/---
Lemma prod_mobiusN1_toggle (R : comPzRingType) N (G : nat -> R) :
  (0 < N)%N -> (p %| N)%N ->
  \prod_(d <- divisors N | mobius d == -1) G d
  = \prod_(d <- divisors N | mobius d == 1) G (toggle p d).
Proof.
move=> N0 pN; pose divs_mobius k := [seq d <- divisors N | mobius d == k].
have mem_divs k d : (d \in divs_mobius k) = (d %| N)%N && (mobius d == k).
  by rewrite mem_filter -dvdn_divisors // andbC.
have sqf_divs k d : k != 0 -> d \in divs_mobius k -> (0 < d)%N /\ mobius d != 0.
  by move=> k0; rewrite mem_divs => /andP[/(dvdn_gt0 N0) d0 /eqP->].
have perm_toggle : perm_eq (divs_mobius (-1)) [seq toggle p d | d <- divs_mobius 1].
  apply: uniq_perm; rewrite ?filter_uniq ?divisors_uniq //.
    rewrite map_inj_in_uniq ?filter_uniq ?divisors_uniq // => x y.
    move=> /(sqf_divs _ _ (oner_neq0 _))[x0 mx] /(sqf_divs _ _ (oner_neq0 _))[y0 my] Exy.
    by rewrite -(toggleK x0 mx) Exy toggleK.
  move=> x; apply/idP/mapP => [x_divs | [d d_divs ->]].
    have [x0 mx] := sqf_divs _ _ (isT : -1 != 0 :> int) x_divs.
    exists (toggle p x); last by rewrite toggleK.
    move: x_divs; rewrite !mem_divs mobius_toggle // => /andP[xN /eqP->].
    by rewrite toggle_dvd.
  have [d0 md] := sqf_divs _ _ (oner_neq0 _) d_divs.
  move: d_divs; rewrite !mem_divs mobius_toggle // => /andP[dN /eqP->].
  by rewrite toggle_dvd.
by rewrite -big_filter (perm_big _ perm_toggle) big_map big_filter.
Qed.

End Toggle.

Section PrimeInvariance.

Variables (R : comPzRingType) (N p : nat) (B : nat -> R).
Hypotheses (N_gt0 : (0 < N)%N) (p_prime : prime p) (p_dvdN : (p %| N)%N).
Hypothesis sum_mobius_B_eq0 : forall e, (e %| N)%N -> (1 < e)%N -> ~~ (p %| e)%N ->
  \sum_(g <- divisors (N %/ e)) (mobius g)%:~R * B (e * g)%N = 0.
(* Write h = b^3 c^-1.  A computation shows that h^2 fixes the first level, with
   section h at x1, h^c at x3, and sections of order dividing 9 or 24 at the other
   letters.  Hence h has infinite order (odd powers swap x1 and x3), and h^(144 m)
   acts only below x1 and x3, as h^(72 m) and (h^c)^(72 m).  The commutator
   rho = [(h^c)^144, c] fixes x3 with section h^72, so it has infinite order too.
   A substitution on words in c, b c b^-1 and b^2 produces elements V_k fixing x1
   and x3, with V_0 acting as c below x3 and trivially below x1, and V_(k+1)
   acting as V_k below x1 and trivially below x3.  Then
   A_k = [h^(144 2^(k+1)), V_k] acts as rho below the vertex x1^k x3 and trivially
   elsewhere.  These supports are disjoint, so z |-> A_0^z_0 ... A_(n-1)^z_(n-1)
   embeds Z^n into G.
   All identities between explicit words are checked by computation: a word acts
   trivially as soon as it lies in a finite set of freely reduced words that is
   closed under sections and whose members fix the first level. *)

(** * Words acting on the tree *)

Definition letter_eqb (x y : letter) : bool :=
  match x, y with
  | x1, x1 | x2, x2 | x3, x3 | x4, x4 | x5, x5 | x6, x6 => true
  | _, _ => false
  end.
\---
_Aim of the task:_ Give the count of lines in the listing that hold the word "trivially", and nothing else.

_Response to this task:_ 4